(* Suppose $M\preceq N$ are small models in $\mathbb{C}$ and $\langle A_i:i\in I\rangle$ is an $M$-f.s. sequence with $M\cup\bigcup_{i\in I}A_i=N$. Then for every initial segment $I_0\subseteq I$ (with or without a maximum), $M\cup\bigcup_{i\in I_0}A_i$ is an elementary substructure of $N$.
   Context: Work in a monster model $\mathbb{C}$ of an arbitrary complete theory. For $B\supseteq M$, $\mathrm{tp}(X/B)$ is finitely satisfied in $M$ if each of its formulas is satisfied by a tuple from $M$. An $M$-f.s. sequence is a sequence of sets $\langle A_i:i\in I\rangle$ with $\mathrm{tp}(A_i/A_{<i}M)$ finitely satisfied in $M$ for every $i$, where $A_{<i}=\bigcup_{j<i}A_j$. *)

From Stdlib Require Import List Vectors.Fin PeanoNat.
Set Implicit Arguments.

Record signature := Signature {
  fsym : Type; far : fsym -> nat;
  rsym : Type; rar : rsym -> nat }.

Section Syntax.
Variable L : signature.

Inductive term : Type :=
| Var : nat -> term
| App : forall f : fsym L, (Fin.t (far L f) -> term) -> term.

(* Formulas with named variables (nat); [Ex x phi] binds variable x. *)
Inductive formula : Type :=
| Fal : formula
| Eq : term -> term -> formula
| Rel : forall r : rsym L, (Fin.t (rar L r) -> term) -> formula
| Neg : formula -> formula
| And : formula -> formula -> formula
| Ex : nat -> formula -> formula.
End Syntax.

(* An L-structure (the ambient model, playing the role of the monster model). *)
Record structure (L : signature) := Structure {
  dom :> Type;
  fint : forall f : fsym L, (Fin.t (far L f) -> dom) -> dom;
  rint : forall r : rsym L, (Fin.t (rar L r) -> dom) -> Prop }.

Section Semantics.
Variables (L : signature) (C : structure L).

Definition upd (e : nat -> C) (x : nat) (a : C) : nat -> C :=
  fun y => if Nat.eqb y x then a else e y.

Fixpoint eval (e : nat -> C) (t : term L) : C :=
  match t with
  | Var _ n => e n
  | App f ts => fint C f (fun i => eval e (ts i))
  end.

(* Satisfaction in the substructure with universe S (a subset of C);
   quantifiers range over S, symbols are interpreted as in C. *)
Fixpoint sat_in (S : C -> Prop) (e : nat -> C) (phi : formula L) : Prop :=
  match phi with
  | Fal _ => False
  | Eq t1 t2 => eval e t1 = eval e t2
  | Rel r ts => rint C r (fun i => eval e (ts i))
  | Neg psi => ~ sat_in S e psi
  | And p q => sat_in S e p /\ sat_in S e q
  | Ex x psi => exists a, S a /\ sat_in S (upd e x a) psi
  end.

Definition sat (e : nat -> C) (phi : formula L) : Prop :=
  sat_in (fun _ => True) e phi.

Definition substructure (S : C -> Prop) : Prop :=
  (exists a, S a) /\
  forall f (args : Fin.t (far L f) -> C), (forall i, S (args i)) -> S (fint C f args).

Definition elem_sub (S T : C -> Prop) : Prop :=
  substructure S /\ substructure T /\ (forall a, S a -> T a) /\
  forall (phi : formula L) (e : nat -> C), (forall n, S (e n)) ->
    (sat_in S e phi <-> sat_in T e phi).

(* tp(X/B) is finitely satisfied in M: every formula phi(x_0..x_{n-1}, b)
   with x-variables 0..n-1 realized (in C) by a tuple from X and parameters
   (all other variables) from B, is realized in C by a tuple from M
   (with the same parameters). *)
Definition fs_in (M X B : C -> Prop) : Prop :=
  forall (phi : formula L) (n : nat) (e : nat -> C),
    (forall i, i < n -> X (e i)) -> (forall i, n <= i -> B (e i)) ->
    sat e phi ->
    exists e', (forall i, i < n -> M (e' i)) /\ (forall i, n <= i -> e' i = e i) /\
               sat e' phi.

(* |S| < |C| : S is small (no injection of C into S). *)
Definition small (S : C -> Prop) : Prop :=
  ~ exists g : C -> {a : C | S a}, forall x y, g x = g y -> x = y.

(* C is |C|-saturated: every finitely satisfiable set of formulas in the
   variable 0 with parameters (values of the other variables) from a small set
   A is realized in C. *)
Definition saturated : Prop :=
  forall (A : C -> Prop) (p : formula L * (nat -> C) -> Prop), small A ->
    (forall q, p q -> forall i, 0 < i -> A (snd q i)) ->
    (forall l : list (formula L * (nat -> C)), (forall q, In q l -> p q) ->
       exists c, forall q, In q l -> sat (upd (snd q) 0 c) (fst q)) ->
    exists c, forall q, p q -> sat (upd (snd q) 0 c) (fst q).

End Semantics.

(* Let S = M ∪ ⋃_{i ∈ I0} A_i.  We verify the Tarski–Vaught test for S ⊆ N,
   in the form: if e is an S-valuation and a ∈ N realizes phi(x, e), then so
   does some b ∈ S.  If a ∉ S then a ∈ A_j for some j ∉ I0; since I0 is an
   initial segment, every parameter from S lies in B_j = M ∪ ⋃_{j' < j} A_j',
   and tp(A_j / B_j) is finitely satisfied in M, so phi(x, e) is realized by
   some b ∈ M ⊆ S.  The same witness property, applied to the formula
   x = f(y_1, ..., y_n), shows that S is closed under the function symbols.

   Then it proves the
   Tarski–Vaught test and finally the theorem. *)
From Stdlib Require Import Vectors.Fin PeanoNat Arith Lia FunctionalExtensionality Classical.

Section Renaming.
Variables (L : signature) (C : structure L).

Fixpoint ren_t (s : nat -> nat) (t : term L) : term L :=
  match t with
  | Var _ n => Var L (s n)
  | App f ts => App f (fun i => ren_t s (ts i))
  end.

Fixpoint ren (s : nat -> nat) (p : formula L) : formula L :=
  match p with
  | Fal _ => Fal L
  | Eq t1 t2 => Eq (ren_t s t1) (ren_t s t2)
  | Rel r ts => Rel r (fun i => ren_t s (ts i))
  | Neg q => Neg (ren s q)
  | And p q => And (ren s p) (ren s q)
  | Ex x q => Ex (s x) (ren s q)
  end.

Lemma eval_ren (s : nat -> nat) (e : nat -> C) (t : term L) :
  eval C e (ren_t s t) = eval C (fun k => e (s k)) t.
Proof.
  induction t as [n | f ts IH]; simpl; auto.
  f_equal; apply functional_extensionality; auto.
Qed.

Lemma upd_comp (s : nat -> nat) (Hs : forall a b, s a = s b -> a = b)
  (e : nat -> C) (x : nat) (a : C) :
  (fun k => upd C e (s x) a (s k)) = upd C (fun k => e (s k)) x a.
Proof.
  apply functional_extensionality; intro k; unfold upd.
  destruct (Nat.eqb_spec k x), (Nat.eqb_spec (s k) (s x)); subst; auto;
    exfalso; auto.
Qed.

Lemma sat_ren (s : nat -> nat) (Hs : forall a b, s a = s b -> a = b)
  (S : C -> Prop) (p : formula L) :
  forall e, sat_in C S e (ren s p) <-> sat_in C S (fun k => e (s k)) p.
Proof.
  induction p as [| t1 t2 | r ts | q IH | p IHp q IHq | x q IH]; intro e; simpl.
  - tauto.
  - rewrite !eval_ren; tauto.
  - replace (fun i => eval C e (ren_t s (ts i)))
      with (fun i => eval C (fun k => e (s k)) (ts i)); [tauto|].
    apply functional_extensionality; intro; symmetry; apply eval_ren.
  - rewrite IH; tauto.
  - rewrite IHp, IHq; tauto.
  - split; intros [a [Ha Hq]]; exists a; split; auto.
    + apply IH in Hq; rewrite upd_comp in Hq; auto.
    + apply IH; rewrite upd_comp; auto.
Qed.
End Renaming.

Arguments ren_t {L} s t.
Arguments ren {L} s p.

Definition swp (x k : nat) : nat :=
  if Nat.eqb k 0 then x else if Nat.eqb k x then 0 else k.

Lemma swp_0 (x : nat) : swp x 0 = x.
Proof. reflexivity. Qed.

Lemma swp_self (x : nat) : swp x x = 0.
Proof. unfold swp; destruct (Nat.eqb_spec x 0); [subst | rewrite Nat.eqb_refl]; auto. Qed.

Lemma swp_inv (x k : nat) : swp x (swp x k) = k.
Proof.
  unfold swp.
  destruct (Nat.eqb_spec k 0) as [->|Hk0]; [rewrite Nat.eqb_refl; destruct (Nat.eqb_spec x 0); auto|].
  destruct (Nat.eqb_spec k x) as [->|Hkx]; [reflexivity|].
  destruct (Nat.eqb_spec k 0), (Nat.eqb_spec k x); tauto.
Qed.

Lemma swp_inj (x a b : nat) : swp x a = swp x b -> a = b.
Proof. intro H; rewrite <- (swp_inv x a), <- (swp_inv x b), H; auto. Qed.

Section FiniteSatisfiability.
Variables (L : signature) (C : structure L).

(* Obtained by swapping x with 0. *)
Lemma fs_realize_var (M X B : C -> Prop) (Hfs : fs_in C M X B)
  (phi : formula L) (e : nat -> C) (x : nat) :
  X (e x) -> (forall k, k <> x -> B (e k)) -> sat C e phi ->
  exists m, M m /\ sat C (upd C e x m) phi.
Proof.
  intros HX HB Hphi.
  set (e1 := fun k => e (swp x k)).
  assert (He1 : sat C e1 (ren (swp x) phi)).
  { unfold sat; apply (sat_ren L C (swp x) (swp_inj x)); unfold e1.
    replace (fun k => e (swp x (swp x k))) with e; [exact Hphi|].
    apply functional_extensionality; intro; rewrite swp_inv; auto. }
  destruct (Hfs (ren (swp x) phi) 1 e1) as [e2 [HM [Hsame Hsat]]].
  - intros i Hi; replace i with 0 by lia; exact HX.
  - intros i Hi; apply HB; intro E.
    assert (i = 0) by (apply (swp_inj x); rewrite E, swp_0; auto); lia.
  - exact He1.
  - exists (e2 0); split; [apply HM; lia|].
    apply (sat_ren L C (swp x) (swp_inj x)) in Hsat.
    replace (upd C e x (e2 0)) with (fun k => e2 (swp x k)); [exact Hsat|].
    apply functional_extensionality; intro k; unfold upd.
    destruct (Nat.eqb_spec k x) as [->|Hk]; [rewrite swp_self; auto|].
    assert (swp x k <> 0) by (intro E; apply Hk, (swp_inj x); rewrite E, swp_self; auto).
    rewrite Hsame by lia; unfold e1; rewrite swp_inv; auto.
Qed.
End FiniteSatisfiability.

Arguments fs_realize_var {L C M X B} Hfs phi e x.

Section TarskiVaught.
Variables (L : signature) (C : structure L).

Lemma upd_in (P : C -> Prop) (e : nat -> C) (x : nat) (a : C) :
  (forall k, P (e k)) -> P a -> forall k, P (upd C e x a k).
Proof. intros He Ha k; unfold upd; destruct (Nat.eqb k x); auto. Qed.

Lemma tarski_vaught (S T : C -> Prop) :
  substructure C S -> substructure C T -> (forall a, S a -> T a) ->
  (forall phi e x a, (forall k, S (e k)) -> T a -> sat_in C T (upd C e x a) phi ->
     exists b, S b /\ sat_in C T (upd C e x b) phi) ->
  elem_sub C S T.
Proof.
  intros HS HT HST HTV; split; [|split; [|split]]; auto.
  intro phi; induction phi as [| | | q IH | p IHp q IHq | x q IH];
    intros e He; simpl; try tauto.
  - rewrite IH; tauto.
  - rewrite IHp, IHq; tauto.
  - split.
    + intros [a [Ha Hq]]; exists a; split; auto.
      apply IH; auto; apply upd_in; auto.
    + intros [a [Ha Hq]].
      destruct (HTV q e x a He Ha Hq) as [b [Hb Hqb]].
      exists b; split; auto; apply IH; auto; apply upd_in; auto.
Qed.

Definition fin_val (d : C) (n : nat) (args : Fin.t n -> C) (k : nat) : C :=
  match lt_dec k n with
  | left h => args (Fin.of_nat_lt h)
  | right _ => d
  end.
Arguments fin_val d {n} args k.

Lemma fin_val_spec (d : C) (n : nat) (args : Fin.t n -> C) (k : Fin.t n) :
  fin_val d args (proj1_sig (Fin.to_nat k)) = args k.
Proof.
  unfold fin_val; destruct (lt_dec _ _) as [h|h].
  - f_equal; destruct (Fin.to_nat k) as [kk pk] eqn:E; simpl in *.
    rewrite <- (Fin.of_nat_to_nat_inv k), E; apply Fin.of_nat_ext.
  - exfalso; apply h, (proj2_sig (Fin.to_nat k)).
Qed.

Definition graph_formula (f : fsym L) : formula L :=
  Eq (Var L 0) (App f (fun k => Var L (S (proj1_sig (Fin.to_nat k))))).

Lemma sat_graph_formula (f : fsym L) (d b : C) (args : Fin.t (far L f) -> C) :
  sat C (upd C (fun k => match k with 0 => d | S k => fin_val d args k end) 0 b)
      (graph_formula f)
  <-> b = fint C f args.
Proof.
  unfold sat, graph_formula; simpl.
  replace (fun i => upd C _ 0 b (S (proj1_sig (Fin.to_nat i)))) with args; [tauto|].
  apply functional_extensionality; intro k; symmetry; apply fin_val_spec.
Qed.

Lemma witness_substructure (S T : C -> Prop) :
  (exists d, S d) -> substructure C T -> (forall a, S a -> T a) ->
  (forall phi e x a, (forall k, S (e k)) -> T a -> sat C (upd C e x a) phi ->
     exists b, S b /\ sat C (upd C e x b) phi) ->
  substructure C S.
Proof.
  intros [d Hd] HT HST HW; split; [exists d; auto|].
  intros f args Hargs.
  set (e := fun k => match k with 0 => d | S k => fin_val d args k end).
  assert (He : forall k, S (e k)).
  { intros [|k]; simpl; auto; unfold fin_val; destruct (lt_dec _ _); auto. }
  destruct (HW (graph_formula f) e 0 (fint C f args)) as [b [Hb Hgraph]]; auto.
  - apply (proj2 HT); auto.
  - apply sat_graph_formula; auto.
  - apply sat_graph_formula in Hgraph; subst; auto.
Qed.
End TarskiVaught.

Section InitialSegment.
Variables (L : signature) (C : structure L) (M N : C -> Prop).
Hypothesis HN : elem_sub C N (fun _ => True).
Hypothesis HMN : elem_sub C M N.
Variables (I : Type) (lt : I -> I -> Prop).
Hypothesis lt_total : forall i j, lt i j \/ i = j \/ lt j i.
Variable A : I -> C -> Prop.
Hypothesis Hfs : forall i, fs_in C M (A i) (fun x => M x \/ exists j, lt j i /\ A j x).
Hypothesis Hcover : forall x, N x <-> (M x \/ exists i, A i x).
Variable I0 : I -> Prop.
Hypothesis HI0 : forall i j, lt j i -> I0 i -> I0 j.

Definition initial_part (x : C) : Prop := M x \/ exists i, I0 i /\ A i x.

Lemma initial_part_in_N (x : C) : initial_part x -> N x.
Proof. intros [Hx | [i [_ Hx]]]; apply Hcover; eauto. Qed.

Lemma initial_part_below (j : I) (x : C) :
  ~ I0 j -> initial_part x -> M x \/ exists j', lt j' j /\ A j' x.
Proof.
  intros Hj [Hx | [i [Hi Hx]]]; auto; right; exists i; split; auto.
  destruct (lt_total i j) as [H | [-> | H]]; auto; exfalso; eauto.
Qed.

Lemma N_split (a : C) : N a -> initial_part a \/ exists j, ~ I0 j /\ A j a.
Proof.
  intro Ha; apply Hcover in Ha; destruct Ha as [Ha | [j Hj]].
  - left; left; auto.
  - destruct (classic (I0 j)); [left; right | right]; eauto.
Qed.

Lemma initial_part_witness (phi : formula L) (e : nat -> C) (x : nat) (a : C) :
  (forall k, initial_part (e k)) -> N a -> sat C (upd C e x a) phi ->
  exists b, initial_part b /\ sat C (upd C e x b) phi.
Proof.
  intros He Ha Hphi.
  destruct (N_split a Ha) as [HaS | [j [Hj Haj]]]; [eauto|].
  destruct (fs_realize_var (Hfs j) phi (upd C e x a) x) as [m [Hm Hsat]]; auto.
  - unfold upd; rewrite Nat.eqb_refl; auto.
  - intros k Hk; unfold upd; apply Nat.eqb_neq in Hk; rewrite Hk.
    apply initial_part_below; auto.
  - exists m; split; [left; auto|].
    replace (upd C e x m) with (upd C (upd C e x a) x m); auto.
    apply functional_extensionality; intro k; unfold upd; destruct (Nat.eqb k x); auto.
Qed.

Lemma sat_in_N (phi : formula L) (e : nat -> C) :
  (forall k, N (e k)) -> sat_in C N e phi <-> sat C e phi.
Proof. intro He; destruct HN as [_ [_ [_ Hel]]]; apply Hel; auto. Qed.

Lemma initial_part_elementary : elem_sub C initial_part N.
Proof.
  destruct HMN as [[[m0 Hm0] _] [HNsub _]].
  assert (HSN : forall a, initial_part a -> N a) by exact initial_part_in_N.
  assert (HvalN : forall e x a, (forall k, initial_part (e k)) -> N a ->
                    forall k, N (upd C e x a k)) by (intros; apply upd_in; auto).
  apply tarski_vaught; auto.
  - apply witness_substructure with (T := N); auto.
    + exists m0; left; auto.
    + intros phi e x a He Ha Hphi; exact (initial_part_witness phi e x a He Ha Hphi).
  - intros phi e x a He Ha Hphi.
    apply sat_in_N in Hphi; auto.
    destruct (initial_part_witness phi e x a He Ha Hphi) as [b [Hb Hbphi]].
    exists b; split; auto; apply sat_in_N; auto.
Qed.
End InitialSegment.

Theorem lemma2 (L : signature) (C : structure L) (HC : saturated C)
  (M N : C -> Prop)
  (HN : elem_sub C N (fun _ => True)) (HNsmall : small C N)
  (HMN : elem_sub C M N)
  (I : Type) (lt : I -> I -> Prop)
  (lt_irrefl : forall i, ~ lt i i)
  (lt_trans : forall i j k, lt i j -> lt j k -> lt i k)
  (lt_total : forall i j, lt i j \/ i = j \/ lt j i)
  (A : I -> C -> Prop)
  (Hfs : forall i, fs_in C M (A i) (fun x => M x \/ exists j, lt j i /\ A j x))
  (Hcover : forall x, N x <-> (M x \/ exists i, A i x))
  (I0 : I -> Prop) (HI0 : forall i j, lt j i -> I0 i -> I0 j) :
  elem_sub C (fun x => M x \/ exists i, I0 i /\ A i x) N.
Proof.
  exact (initial_part_elementary L C M N HN HMN I lt lt_total A Hfs Hcover I0 HI0).
Qed.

⁂

■ THE TASK ■
Among the entries above, locate the lines containing "forall (A : C" and "initial segment, every", and transcribe exactly those two lines and all lines between.

■ EXPECTED OUTPUT ■
  forall (A : C -> Prop) (p : formula L * (nat -> C) -> Prop), small A ->
    (forall q, p q -> forall i, 0 < i -> A (snd q i)) ->
    (forall l : list (formula L * (nat -> C)), (forall q, In q l -> p q) ->
       exists c, forall q, In q l -> sat (upd (snd q) 0 c) (fst q)) ->
    exists c, forall q, p q -> sat (upd (snd q) 0 c) (fst q).

End Semantics.

(* Let S = M ∪ ⋃_{i ∈ I0} A_i.  We verify the Tarski–Vaught test for S ⊆ N,
   in the form: if e is an S-valuation and a ∈ N realizes phi(x, e), then so
   does some b ∈ S.  If a ∉ S then a ∈ A_j for some j ∉ I0; since I0 is an
   initial segment, every parameter from S lies in B_j = M ∪ ⋃_{j' < j} A_j',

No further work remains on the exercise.